DIRECTIONS:
From the entries that follow, reproduce exactly and only the lines from the line with "Unshelve. all: by end_near." to the line with "have sum_bin n", endpoints included.

AVAILABLE DATA:
#####

(* For every $N\in\mathbb{N}$, with $\pi_N$ the law of the number of fixed points of a uniformly random permutation of $\{1,\dots,N\}$ and $\mathcal{P}$ the Poisson law of parameter $1$, $$\|\pi_N-\mathcal{P}\|_{\mathrm{tv}}\le\frac{2^{N+1}}{(N+1)!}.$$
   Context: $\|\mu-\mu'\|_{\mathrm{tv}}=\sup_{A\subset\mathbb{Z}_+}|\mu(A)-\mu'(A)|=\sum_n(\mu(n)-\mu'(n))_+$. *)

From HB Require Import structures.
From mathcomp Require Import all_boot all_order all_algebra all_fingroup.
From mathcomp Require Import all_classical all_reals all_analysis.
Set Implicit Arguments. Unset Strict Implicit. Unset Printing Implicit Defensive.
Import Order.TTheory GRing.Theory Num.Theory.
Local Open Scope ring_scope.

Definition nfix (N : nat) (s : 'S_N) : nat := #|[set i : 'I_N | s i == i]|.

Definition piN (R : realType) (N : nat) (k : nat) : R :=
  (#|[set s : 'S_N | nfix s == k]|%:R) / (N`!)%:R.

Definition poisson1 (R : realType) (k : nat) : R := expR (-1) / (k`!)%:R.

Definition tv (R : realType) (mu nu : nat -> R) : R :=
  \big[+%R/0%R]_(0 <= n <oo) Num.max (mu n - nu n) 0.

(* Write F(s) for the set of fixed points of a permutation s of a finite set T
   of size N.  Counting pairs (s, J) with J a j-subset of F(s) gives the
   factorial moments  sum_s C(|F(s)|, j) = C(N, j) (N - j)!.  Binomial
   inversion turns these moments into the exact law
       pi_N(k) = (1/k!) * sum_(i <= N - k) (-1)^i / i!,
   a partial sum of the exponential series at -1.  Since that series
   alternates with decreasing terms, its partial sums of even length stay
   below e^-1, whence pi_N(k) - e^-1/k! <= 1/(k! (N - k + 1)!) for k <= N.
   For k > N the difference is negative, so the total variation distance is a
   finite sum bounded by  sum_(k <= N) 1/(k! (N + 1 - k)!)
   = (2^(N+1) - 1)/(N + 1)!  <=  2^(N+1)/(N + 1)!. *)

From mathcomp Require Import all_boot all_order all_algebra all_fingroup.
From mathcomp Require Import all_classical all_reals all_analysis.
From mathcomp Require Import ring lra.
Import Order.TTheory GRing.Theory Num.Theory.
Set Implicit Arguments.
Unset Strict Implicit.
Unset Printing Implicit Defensive.
Local Open Scope ring_scope.

Section FixedPointMoments.
Variable T : finType.

Definition fixset (s : {perm T}) : {set T} := [set x | s x == x].

Lemma subset_fixsetE (J : {set T}) (s : {perm T}) :
  (J \subset fixset s) = perm_on (~: J) s.
Proof.
apply/fintype.subsetP/fintype.subsetP => [Jfix x | sJ x xJ].
  by rewrite !inE; apply: contraNN => /Jfix; rewrite inE.
by rewrite inE; apply: contraTT xJ => /sJ; rewrite inE.
Qed.

(* Double counting of pairs (s, J) with J a j-subset of the fixed points of s:
   each of the C(|T|, j) sets J is fixed by the (|T| - j)! permutations of its
   complement. *)
Lemma sum_bin_card_fixset j : (j <= #|T|)%N ->
  (\sum_(s : {perm T}) 'C(#|fixset s|, j) = 'C(#|T|, j) * (#|T| - j)`!)%N.
Proof.
move=> jT.
have count_subsets s :
    'C(#|fixset s|, j) = (\sum_(J : {set T} | #|J| == j) (J \subset fixset s))%N.
  rewrite -cards_draws -sum1_card big_mkcond [RHS]big_mkcond.
  by apply: eq_bigr => J _; rewrite inE; case: (J \subset _); case: (_ == j).
have count_perms (J : {set T}) : #|J| = j ->
    (\sum_(s : {perm T}) (J \subset fixset s))%N = (#|T| - j)`!.
  move=> cardJ; transitivity (\sum_(s | perm_on (~: J) s) 1)%N.
    rewrite [RHS]big_mkcond; apply: eq_bigr => s _.
    by rewrite subset_fixsetE; case: perm_on.
  by rewrite sum1dep_card cardsE card_perm -(cardsC J) cardJ addKn.
under eq_bigr do rewrite count_subsets.
rewrite exchange_big /=.
rewrite (eq_bigr (fun _ => (#|T| - j)`!)) => [|J /eqP]; last exact: count_perms.
by rewrite sum_nat_const -card_draws cardsE.
Qed.
End FixedPointMoments.

(* Choosing an (k + i)-subset of an m-set and then a k-subset of it is the
   same as choosing the k-subset first and then i further elements. *)
Lemma bin_choose_twice m k i : (k + i <= m)%N ->
  ('C(k + i, k) * 'C(m, k + i) = 'C(m, k) * 'C(m - k, i))%N.
Proof.
move=> kim; have km : (k <= m)%N := leq_trans (leq_addr i k) kim.
have im : (i <= m - k)%N by rewrite leq_subRL // addnC.
have Cki := bin_fact (leq_addr i k); rewrite addKn in Cki.
have Cm_ki := bin_fact kim; rewrite subnDA in Cm_ki.
have Cmk := bin_fact km; have Cm_k := bin_fact im.
apply/eqP; rewrite -(@eqn_pmul2r (k`! * i`! * (m - k - i)`!)) ?muln_gt0 ?fact_gt0 //.
have -> : ('C(k + i, k) * 'C(m, k + i) * (k`! * i`! * (m - k - i)`!) =
   'C(m, k + i) * ('C(k + i, k) * (k`! * i`!) * (m - k - i)`!))%N by ring.
have -> : ('C(m, k) * 'C(m - k, i) * (k`! * i`! * (m - k - i)`!) =
   'C(m, k) * (k`! * ('C(m - k, i) * (i`! * (m - k - i)`!))))%N by ring.
by rewrite Cki Cm_ki Cm_k Cmk.
Qed.

(* sum_i (-1)^i C(n, i) = (1 - 1)^n. *)
Lemma alternating_bin_sum (R : comPzRingType) n :
  \sum_(i < n.+1) (-1) ^+ i * 'C(n, i)%:R = (n == 0)%N%:R :> R.
Proof.
have := exprBn (1 : R) 1 n; rewrite subrr expr0n => ->.
by apply: eq_bigr => i _; rewrite !expr1n !mulr1 mulr_natr.
Qed.

(* Binomial inversion: the matrix (C(m, j))_(m, j) is inverted by
   ((-1)^(j - k) C(j, k))_(j, k); the upper bound M only pads the sum with
   zero terms, so that it can be taken uniformly in m. *)
Lemma binomial_inversion (R : comPzRingType) (m k M : nat) : (m <= M)%N ->
  \sum_(j < M.+1) (-1) ^+ (j - k) * 'C(j, k)%:R * 'C(m, j)%:R = (m == k)%:R :> R.
Proof.
move=> mM; set F := fun j => (-1) ^+ (j - k) * 'C(j, k)%:R * 'C(m, j)%:R : R.
have [km | mk] := leqP k m; last first.
  rewrite (ltn_eqF mk) big1 // => j _; rewrite /F.
  have [kj | jk] := leqP k j; last by rewrite bin_small // mulr0 mul0r.
  by rewrite (@bin_small m j) ?mulr0 // (leq_trans mk kj).
(* Only the indices k <= j <= m contribute; write them j = k + i. *)
rewrite -(big_mkord xpredT F) (big_cat_nat (leq0n k) (leq_trans km (leqW mM))) /=.
rewrite big_nat_cond big1 ?add0r => [|j /andP[/andP[_ jk] _]]; last first.
  by rewrite /F bin_small // mulr0 mul0r.
rewrite (big_cat_nat (leqW km) (mM : (m.+1 <= M.+1)%N)) /=.
rewrite [X in _ + X]big_nat_cond [X in _ + X]big1 ?addr0 => [|j /andP[/andP[mj _] _]];
  last by rewrite /F (@bin_small m j) // mulr0.
rewrite -{1}(add0n k) big_addn subSn // big_mkord.
have middle_term (i : 'I_(m - k).+1) :
    F (i + k)%N = 'C(m, k)%:R * ((-1) ^+ i * 'C(m - k, i)%:R).
  have kim : (k + i <= m)%N by have := ltn_ord i; rewrite ltnS leq_subRL.
  rewrite /F addnK (addnC i k) -mulrA -natrM bin_choose_twice // natrM.
  by rewrite mulrCA.
rewrite (eq_bigr _ (fun i _ => middle_term i)) -big_distrr /= alternating_bin_sum.
rewrite subn_eq0 eqn_leq km andbT.
have [mk | _] := leqP m k; last by rewrite mulr0.
have -> : m = k by apply/anti_leq; rewrite mk km.
by rewrite binn mulr1.
Qed.

(* Inclusion-exclusion count of the permutations with exactly k fixed points,
   obtained by inverting the factorial moments. *)
Lemma card_fixset_eq (R : comPzRingType) (T : finType) k :
  #|[set s : {perm T} | #|fixset s| == k]|%:R =
  \sum_(j < #|T|.+1) (-1) ^+ (j - k) * 'C(j, k)%:R * ('C(#|T|, j) * (#|T| - j)`!)%:R :> R.
Proof.
rewrite -sum1dep_card natr_sum big_mkcond /=.
rewrite (eq_bigr (fun s : {perm T} =>
    \sum_(j < #|T|.+1) (-1) ^+ (j - k) * 'C(j, k)%:R * 'C(#|fixset s|, j)%:R)); last first.
  by move=> s _; rewrite binomial_inversion ?max_card //; case: (_ == k).
rewrite exchange_big /=; apply: eq_bigr => j _.
by rewrite -big_distrr /= -natr_sum sum_bin_card_fixset // -ltnS.
Qed.

Lemma bin_div_fact (R : numFieldType) n m : (m <= n)%N ->
  'C(n, m)%:R / n`!%:R = ((m`! * (n - m)`!)%:R)^-1 :> R.
Proof.
move=> mn; rewrite -(bin_fact mn) natrM invfM mulrA mulfV ?mul1r //.
by rewrite pnatr_eq0 -lt0n bin_gt0.
Qed.

Lemma piN_alternating (R : realType) N k : (k <= N)%N ->
  piN R N k = (k`!%:R)^-1 * series (exp_coeff (-1 : R)) (N - k).+1.
Proof.
move=> kN; rewrite /piN card_fixset_eq card_ord mulr_suml.
have weight (j : 'I_N.+1) :
    ('C(N, j) * (N - j)`!)%:R / N`!%:R = (j`!%:R)^-1 :> R.
  rewrite natrM mulrAC (bin_div_fact _ (ltn_ord j : (j <= N)%N)).
  by rewrite natrM invfM -mulrA mulVf ?mulr1 // pnatr_eq0 -lt0n fact_gt0.
rewrite (eq_bigr (fun j : 'I_N.+1 => (-1) ^+ (j - k) * 'C(j, k)%:R * (j`!%:R)^-1));
  last by move=> j _; rewrite -weight mulrA.
rewrite -(big_mkord xpredT (fun j => (-1) ^+ (j - k) * 'C(j, k)%:R * (j`!%:R)^-1 : R)).
rewrite (big_cat_nat (leq0n k) (leqW kN)) /=.
rewrite big_nat_cond big1 ?add0r => [|j /andP[/andP[_ jk] _]]; last first.
  by rewrite bin_small // mulr0 mul0r.
rewrite -{1}(add0n k) big_addn subSn // /series /= big_distrr /=.
apply: eq_bigr => i _; rewrite addnK (addnC i k) -mulrA bin_div_fact ?leq_addr //.
by rewrite addKn natrM invfM /exp_coeff /= mulrCA.
Qed.

(* Partial sums of even positive length of the alternating series of e^-1 lie
   strictly below its limit, since consecutive pairs of later terms
   1/(2n)! - 1/(2n+1)! are positive. *)
Lemma exp_series_even_lt (R : realType) j :
  series (exp_coeff (-1 : R)) j.+1.*2 < expR (-1).
Proof.
apply: lt_sum_lim_series; first exact: is_cvg_series_exp_coeff.
move=> d; set n := (j.+1.*2 + d.*2)%N.
have n_even : (-1 : R) ^+ n = 1 by rewrite /n -doubleD -mul2n exprM sqrrN !expr1n.
rewrite addnS -/n /exp_coeff /= exprS n_even mulr1 mulN1r mul1r subr_gt0.
by rewrite ltf_pV2 ?posrE ?ltr0n ?fact_gt0 // ltr_nat factS ltn_Pmull ?fact_gt0.
Qed.

(* Alternating-series estimate: a partial sum of length m + 1 exceeds e^-1 by
   at most the modulus 1/(m+1)! of the first omitted term. *)
Lemma exp_series_sub_expR_le (R : realType) m :
  series (exp_coeff (-1 : R)) m.+1 - expR (-1) <= (m.+1`!%:R)^-1.
Proof.
have bound_ge0 : 0 <= (m.+1`!%:R : R)^-1 by rewrite invr_ge0 ler0n.
move: (odd_double_half m) bound_ge0; set j := m./2; case: (odd m) => /= <- bound_ge0.
  have := exp_series_even_lt R j; rewrite add1n -doubleS; lra.
have odd_step : series (exp_coeff (-1 : R)) j.+1.*2 =
    series (exp_coeff (-1)) j.*2.+1 - (j.*2.+1`!%:R)^-1.
  rewrite doubleS seriesSr /exp_coeff /= exprS -mul2n exprM sqrrN !expr1n.
  by rewrite mulr1 mulN1r.
have := exp_series_even_lt R j; rewrite odd_step add0n; lra.
Qed.

Lemma piN_sub_poisson_le (R : realType) N k : (k <= N)%N ->
  piN R N k - poisson1 R k <= ((k`! * (N - k).+1`!)%:R)^-1.
Proof.
move=> kN; rewrite piN_alternating // /poisson1 (mulrC (expR _)) -mulrBr.
rewrite natrM invfM ler_pM2l ?invr_gt0 ?ltr0n ?fact_gt0 //.
exact: exp_series_sub_expR_le.
Qed.

(* No permutation of [N] has more than N fixed points. *)
Lemma piN_eq0 (R : realType) N k : (N < k)%N -> piN R N k = 0.
Proof.
move=> Nk; rewrite /piN (_ : #|_| = 0%N) ?mul0r //.
apply: eq_card0 => s; rewrite !inE; apply/negbTE.
by rewrite neq_ltn (leq_ltn_trans _ Nk) // /nfix -[X in (_ <= X)%N](card_ord N) max_card.
Qed.

Lemma poisson1_ge0 (R : realType) k : 0 <= poisson1 R k.
Proof. by rewrite /poisson1 divr_ge0 ?ler0n // ltW // expR_gt0. Qed.

(* If mu <= nu from M on, the series defining tv mu nu is eventually constant,
   hence equals its partial sum of length M. *)
Lemma tv_finite_support (R : realType) (mu nu : nat -> R) M :
  (forall n, (M <= n)%N -> mu n <= nu n) ->
  tv mu nu = \sum_(0 <= n < M) Num.max (mu n - nu n) 0.
Proof.
move=> mu_le_nu; apply: norm_lim_near_cst; near=> n.
have Mn : (M <= n)%N by near: n; exact: nbhs_infty_ge.
rewrite (big_cat_nat (leq0n M) Mn) /= [X in _ + X]big_nat_cond.
rewrite [X in _ + X]big1 ?addr0 // => i /andP[/andP[Mi _] _].
by apply/max_r; rewrite subr_le0 mu_le_nu.
Unshelve. all: by end_near.
Qed.

(* sum_(k <= N) 1/(k! (N + 1 - k)!) = (2^(N+1) - 1)/(N + 1)!, by the binomial
   theorem for (1 + 1)^(N+1) with the term k = N + 1 left out. *)
Lemma sum_inv_fact_pairs (R : numFieldType) N :
  \sum_(k < N.+1) ((k`! * (N - k).+1`!)%:R : R)^-1 <= 2 ^+ N.+1 / (N.+1`!)%:R.
Proof.
have sum_bin n : (\sum_(i < n.+1) 'C(n, i) = 2 ^ n)%N.
  by rewrite -(add1n 1) expnDn; apply: eq_bigr => i _; rewrite !exp1n !muln1.
have -> : 2 ^+ N.+1 / (N.+1`!)%:R = \sum_(k < N.+2) 'C(N.+1, k)%:R / (N.+1`!)%:R :> R.
  by rewrite -mulr_suml -natr_sum sum_bin natrX.
have term (k : 'I_N.+1) :
    ((k`! * (N - k).+1`!)%:R : R)^-1 = 'C(N.+1, k)%:R / (N.+1`!)%:R.
  have kN : (k <= N)%N := ltn_ord k.
  by rewrite bin_div_fact ?(leqW kN) // subSn.
rewrite (eq_bigr (fun k : 'I_N.+1 => 'C(N.+1, k)%:R / (N.+1`!)%:R)) => [|k _];
  last exact: term.
by rewrite [X in _ <= X]big_ord_recr lerDl divr_ge0 ?ler0n.
Qed.

Theorem mainTheorem15 (R : realType) (N : nat) :
  tv (piN R N) (@poisson1 R) <= 2 ^+ N.+1 / (N.+1`!)%:R.
Proof.
rewrite (@tv_finite_support _ _ _ N.+1) => [|k Nk]; last first.
  by rewrite piN_eq0 // poisson1_ge0.
rewrite big_mkord; apply: le_trans (sum_inv_fact_pairs R N); apply: ler_sum => k _.
rewrite ge_max invr_ge0 ler0n andbT.
by apply: piN_sub_poisson_le; rewrite -ltnS.
Qed.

#####

SOLUTION TO THE EXERCISE:
Unshelve. all: by end_near.
Qed.

(* sum_(k <= N) 1/(k! (N + 1 - k)!) = (2^(N+1) - 1)/(N + 1)!, by the binomial
   theorem for (1 + 1)^(N+1) with the term k = N + 1 left out. *)
Lemma sum_inv_fact_pairs (R : numFieldType) N :
  \sum_(k < N.+1) ((k`! * (N - k).+1`!)%:R : R)^-1 <= 2 ^+ N.+1 / (N.+1`!)%:R.
Proof.
have sum_bin n : (\sum_(i < n.+1) 'C(n, i) = 2 ^ n)%N.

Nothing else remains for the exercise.